In the multivariate Cox analysis, the RE prediction and nodal status were 2 independent prognostic factors. Note that the node-positive patients predicted to be tamoxifen sensitive had a 19 % relapse risk from endocrine therapy alone. This is a common problem of all predictors for ER-positive patients receiving endocrine therapy as the poor prognosis of node-positive patients. Two recent studies have reported that approximately 20 % of the node-positive, low-risk patients identified by predictors would develop a distance relapse [7, 12]. Furthermore, these predictors perform well in node-negative patients but showed either no statistical significance or were barely significant in node-positive patients when comparing predicted low-risk with predicted high-risk groups [7, 12]. For the RE predictor, the node-positive patients predicted to be tamoxifen sensitive and insensitive had significantly different RFS rates, with a large ARR of 43 % for the patients predicted to be tamoxifen sensitive compared with the patients predicted to be tamoxifen insensitive. This result demonstrates the effectiveness of the RE predictor in outcome prediction of node-positive, ER-positive patients treated with tamoxifen. Nevertheless, RFS rate of predicted low-risk group could most likely be further improved if predictor is developed only in node-positive cohorts.
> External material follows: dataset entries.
Definition mv6 (M : nat -> nat -> C) (v : nat -> C) (i : nat) : C :=
  (M i 0%nat * v 0%nat + M i 1%nat * v 1%nat + M i 2%nat * v 2%nat
   + M i 3%nat * v 3%nat + M i 4%nat * v 4%nat + M i 5%nat * v 5%nat)%C.

Definition X (n : nat) (th : R) (i : nat) : C :=
  if Nat.even n
  then (S_star n th i - mv6 (D0 th) (S_star (Nat.div2 n) th) i)%C
  else (S_star n th i - mv6 (D1 th) (S_star (Nat.div2 n) th) i)%C.

Definition maxnorm6 (v : nat -> C) : R :=
  Rmax (Cmod (v 0%nat)) (Rmax (Cmod (v 1%nat)) (Rmax (Cmod (v 2%nat))
    (Rmax (Cmod (v 3%nat)) (Rmax (Cmod (v 4%nat)) (Cmod (v 5%nat)))))).

From Stdlib Require Import Reals Lra Lia ZArith NArith Arith List.
From Coquelicot Require Import Coquelicot.
Open Scope R_scope.

(* Splitting n by parity, r(2n) = r(n) and r(2n+1) = r(n) + (n mod 2) make each of the laws
   a_{2s}, b_{2s}, a_{2s+1}, b_{2s+1} the equal-weight mixture of a_s and b_s (of a_{s+1} and
   b_{s+1} for b_{2s+1}), each shifted by at most one.  Hence the mean and variance of a child
   are those of the mixture, and every coordinate of X_t(θ) has the form
     G(M, V) - (e(c1 θ) G(m1, v1) + e(c2 θ) G(m2, v2)) / 2,   G(m, v) = exp(i m θ - v θ²/2),
   with (M, V) the moments of the mixture of the shifted parents.  Writing those parents as
   (M ± d, w ± e), this equals
     G(M, w) (exp(-(dθ)²/2) - cos(dθ) cosh(eθ²/2) + i sin(dθ) sinh(eθ²/2)),
   which is O(|θ|³) uniformly for |d| <= 3/2 and |e| <= 1.  These bounds hold because the means
   are ±(t mod 2)/2 and the variances of a_t and b_t differ by at most 2. *)

(** * Elementary estimates *)

Lemma exp_le_inv_1_sub (y : R) : y < 1 -> exp y <= / (1 - y).
Proof.
  intro Hy.
  rewrite <- (Rinv_inv (exp y)), <- exp_Ropp.
  apply Rinv_le_contravar; [lra |].
  pose proof (exp_ineq1_le (- y)); lra.
Qed.

Lemma exp_neg_between (a : R) : 0 <= a -> 1 - a <= exp (- a) <= 1 - a + a ^ 2.
Proof.
  intro Ha. split; [pose proof (exp_ineq1_le (- a)); lra |].
  rewrite exp_Ropp.
  apply Rle_trans with (/ (1 + a)); [apply Rinv_le_contravar; [lra | apply exp_ineq1_le] |].
  apply Rmult_le_reg_r with (1 + a); [lra |].
  rewrite Rinv_l by lra. nra.
Qed.

Lemma Rabs_exp_sub_1 (y : R) : Rabs y <= 1 / 2 -> Rabs (exp y - 1) <= 2 * Rabs y.
Proof.
  intro Hy. apply Rabs_le_between in Hy.
  pose proof (exp_ineq1_le y). pose proof (exp_le_inv_1_sub y ltac:(lra)).
  assert (/ (1 - y) - 1 <= 2 * Rabs y).
  { replace (/ (1 - y) - 1) with (y / (1 - y)) by (field; lra).
    apply Rmult_le_reg_r with (1 - y); [lra |].
    unfold Rdiv; rewrite Rmult_assoc, Rinv_l by lra.
    pose proof (Rle_abs y); pose proof (Rabs_pos y); nra. }
  apply Rabs_le. pose proof (Rle_abs (- y)). rewrite Rabs_Ropp in *. lra.
Qed.

Lemma cosh_sub_1_between (y : R) : Rabs y <= 1 / 2 -> 0 <= cosh y - 1 <= 2 * y ^ 2.
Proof.
  intro Hy. apply Rabs_le_between in Hy. unfold cosh.
  pose proof (exp_ineq1_le y). pose proof (exp_ineq1_le (- y)).
  pose proof (exp_le_inv_1_sub y ltac:(lra)). pose proof (exp_le_inv_1_sub (- y) ltac:(lra)).
  split; [lra |].
  assert (/ (1 - y) + / (1 - - y) - 2 <= 4 * y ^ 2).
  { replace (/ (1 - y) + / (1 - - y) - 2) with (2 * y ^ 2 * / ((1 - y) * (1 + y))) by (field; lra).
    assert (/ ((1 - y) * (1 + y)) <= 2).
    { rewrite <- (Rinv_inv 2). apply Rinv_le_contravar; nra. }
    pose proof (pow2_ge_0 y). nra. }
  lra.
Qed.

Lemma Rabs_sinh_le (y : R) : Rabs y <= 1 / 2 -> Rabs (sinh y) <= 2 * Rabs y.
Proof.
  intro Hy. unfold sinh.
  pose proof (Rabs_exp_sub_1 y Hy) as Hp.
  pose proof (Rabs_exp_sub_1 (- y) ltac:(rewrite Rabs_Ropp; lra)) as Hm.
  rewrite Rabs_Ropp in Hm.
  apply Rabs_le_between in Hp, Hm. apply Rabs_le. lra.
Qed.

Lemma Rabs_sin_le (x : R) : Rabs (sin x) <= Rabs x.
Proof.
  pose proof PI2_3_2. pose proof (SIN_bound x).
  assert (Hpos : forall u, 0 < u -> Rabs (sin u) <= u).
  { intros u Hu. pose proof (sin_lt_x u Hu). pose proof (SIN_bound u).
    apply Rabs_le. split; [| lra].
    destruct (Rle_lt_dec 1 u); [lra |].
    pose proof (sin_gt_0 u Hu ltac:(lra)); lra. }
  destruct (Rtotal_order x 0) as [Hx | [-> | Hx]].
  - rewrite <- (Ropp_involutive x), sin_neg, !Rabs_Ropp, (Rabs_left x) by lra.
    apply Hpos; lra.
  - rewrite sin_0. lra.
  - rewrite (Rabs_right x) by lra. apply Hpos, Hx.
Qed.

Lemma cos_between (x : R) : Rabs x <= 1 -> 1 - x ^ 2 / 2 <= cos x <= 1 - x ^ 2 / 2 + x ^ 4 / 24.
Proof.
  intro Hx. apply Rabs_le_between in Hx. pose proof PI2_1.
  destruct (cos_bound x 0 ltac:(lra) ltac:(lra)) as [Hlo Hhi].
  unfold cos_approx, cos_term in Hlo, Hhi. simpl in Hlo, Hhi.
  split; [eapply Rle_trans; [| exact Hlo] | eapply Rle_trans; [exact Hhi |]];
    right; field.
Qed.

Lemma Rabs_exp_neg_sq_sub_cos (x : R) : Rabs x <= 1 -> Rabs (exp (- (x ^ 2 / 2)) - cos x) <= x ^ 4 / 4.
Proof.
  intro Hx.
  destruct (cos_between x Hx). destruct (exp_neg_between (x ^ 2 / 2)); [nra |].
  replace ((x ^ 2 / 2) ^ 2) with (x ^ 4 / 4) in * by field.
  pose proof (pow2_ge_0 (x ^ 2)). replace ((x ^ 2) ^ 2) with (x ^ 4) in * by ring.
  apply Rabs_le. lra.
Qed.

Lemma Cmod_le_Rabs_re_im (z : C) : Cmod z <= Rabs (fst z) + Rabs (snd z).
Proof.
  destruct z as [x y]. unfold Cmod; cbn [fst snd].
  pose proof (Rabs_pos x); pose proof (Rabs_pos y).
  rewrite <- (sqrt_pow2 (Rabs x + Rabs y)) by lra.
  apply sqrt_le_1_alt.
  rewrite <- (pow2_abs x), <- (pow2_abs y). nra.
Qed.

Lemma ee_plus (u v : R) : ee (u + v) = (ee u * ee v)%C.
Proof.
  unfold ee. apply injective_projections; simpl; [rewrite cos_plus | rewrite sin_plus]; ring.
Qed.

Lemma ee_opp (u : R) : ee (- u) = (/ ee u)%C.
Proof.
  unfold ee, Cinv; cbn [fst snd]. rewrite cos_neg, sin_neg.
  pose proof (sin2_cos2 u) as H. unfold Rsqr in H.
  replace (cos u ^ 2 + sin u ^ 2) with 1 by (simpl; lra).
  apply injective_projections; cbn [fst snd]; field.
Qed.

Lemma Cmod_ee (u : R) : Cmod (ee u) = 1.
Proof.
  unfold Cmod, ee; cbn [fst snd]. rewrite <- sqrt_1. f_equal.
  pose proof (sin2_cos2 u) as H. unfold Rsqr in H. simpl. lra.
Qed.

Lemma ee_zero_mul (th : R) : ee (0 * th) = 1%C.
Proof. rewrite Rmult_0_l. unfold ee. rewrite cos_0, sin_0. reflexivity. Qed.

Lemma ee_one_mul (th : R) : ee (1 * th) = ee th.
Proof. rewrite Rmult_1_l. reflexivity. Qed.

Lemma ee_opp_one_mul (th : R) : ee (- (1) * th) = (/ ee th)%C.
Proof. rewrite <- Ropp_mult_distr_l, Rmult_1_l. apply ee_opp. Qed.

(** * Gaussian characteristic functions of mixtures *)

Definition normal_cf (m v th : R) : C := (RtoC (exp (- / 2 * v * th ^ 2)) * ee (m * th))%C.

Lemma Cmod_normal_cf_le_1 (m v th : R) : 0 <= v -> Cmod (normal_cf m v th) <= 1.
Proof.
  intro Hv. unfold normal_cf.
  rewrite Cmod_mult, Cmod_ee, Cmod_R, Rmult_1_r, Rabs_right by (left; apply exp_pos).
  assert (Hneg : - / 2 * v * th ^ 2 <= 0) by (pose proof (pow2_ge_0 th); nra).
  rewrite <- exp_0. destruct Hneg as [Hneg | ->]; [left; apply exp_increasing, Hneg | lra].
Qed.

Lemma normal_cf_split (M w d e th : R) :
  normal_cf (M + d) (w + e) th
  = (normal_cf M w th * (RtoC (exp (- (e * th ^ 2 / 2))) * ee (d * th)))%C.
Proof.
  unfold normal_cf. rewrite Rmult_plus_distr_r, ee_plus.
  replace (- / 2 * (w + e) * th ^ 2) with (- / 2 * w * th ^ 2 + - (e * th ^ 2 / 2)) by field.
  rewrite exp_plus, RtoC_mult. ring.
Qed.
Our analysis showed that the scores of the SET index and RS tended to be greatly affected by the systematic biases of expression measurements between laboratories. Although the RS scores have not been measured by the reverse transcriptase polymerase chain reaction (RT-PCR) assay [3], the scores based on RT-PCR would also be influenced, as systematic biases also affects the RT-PCR measurements [17].
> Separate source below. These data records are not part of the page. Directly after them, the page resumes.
Theorem theorem8 (Sigma : finType) (n : nat) (par : 'I_n -> 'I_n)
    (lab : 'I_n -> Sigma) (r : 'I_n) :
  3 <= n -> is_trie par lab r ->
  (exists s : seq (seq Sigma),
      size s <= 2 * n - 3 /\ forall M, cdawg_node par lab r M -> M \in s) /\
  (exists s : seq (seq Sigma * seq Sigma * seq Sigma),
      size s <= 2 * n - 4 /\ forall e, cdawg_edge par lab r e -> e \in s).
Proof.
move=> Hn [_ reach_root _].
have [C [HC C_nil C_rmax]] := right_maximal_bound lab reach_root Hn.
split.
  exists C; split=> // M /cdawg_node_right_maximal; exact: C_rmax.
pose C' := [seq Y <- C | Y != [::]].
have HC' : size C' <= 2 * n - 4.
  have : size C' < size C.
    rewrite size_filter -(count_predC (fun Y : seq Sigma => Y != [::]) C) -addn1.
    by rewrite leq_add2l -has_count; apply/hasP; exists [::].
  by move: HC; lia.
have word_in e : cdawg_edge par lab r e -> edge_word e \in C'.
  by move=> /edge_word_right_maximal[HR Hne]; rewrite mem_filter Hne C_rmax.
have [s [Hs Hcover]] :=
  list_by_injection ([::], [::], [::]) (@edge_word_inj _ _ par lab r) word_in.
by exists s; split=> //; apply: leq_trans Hs HC'.
Qed.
As the RE predictor could accurately predict the outcomes of tamoxifen-treated ER-positive patients and was robust across different laboratories, it could be used to assist in clinical decision-making combined with nodal status. For the node-negative patients predicted to be tamoxifen sensitive, a 93 % 10-year RFS rate justifies the selection of tamoxifen monotherapy. In sharp contrast, the probability of relapse within 10-year was 63 % for the node-positive patients predicted to be tamoxifen insensitive. Although there is no evidence suggesting that the allocation of tamoxifen is useless for these patients (no randomized control), this probability might be sufficiently high for consideration of alternative adjuvant therapies (e.g., AIs and aggressive chemotherapies) or clinical trials of investigational treatments rather than tamoxifen alone. For the node-positive patients predicted to be tamoxifen sensitive and node-negative patients predicted to be tamoxifen insensitive, the probability of RFS was 81 and 70 %, respectively. Thus, sequential chemo-endocrine therapy or prolonging tamoxifen to 10 years [42, 43] or AIs [44–47] could be considered for these patients to further improve the cure likelihood. The RE predictor could be combined with nodal status and prediction test for targeted therapies and chemotherapies [35] to provide predictive tests for personalized adjuvant treatment regimens for breast cancer patients.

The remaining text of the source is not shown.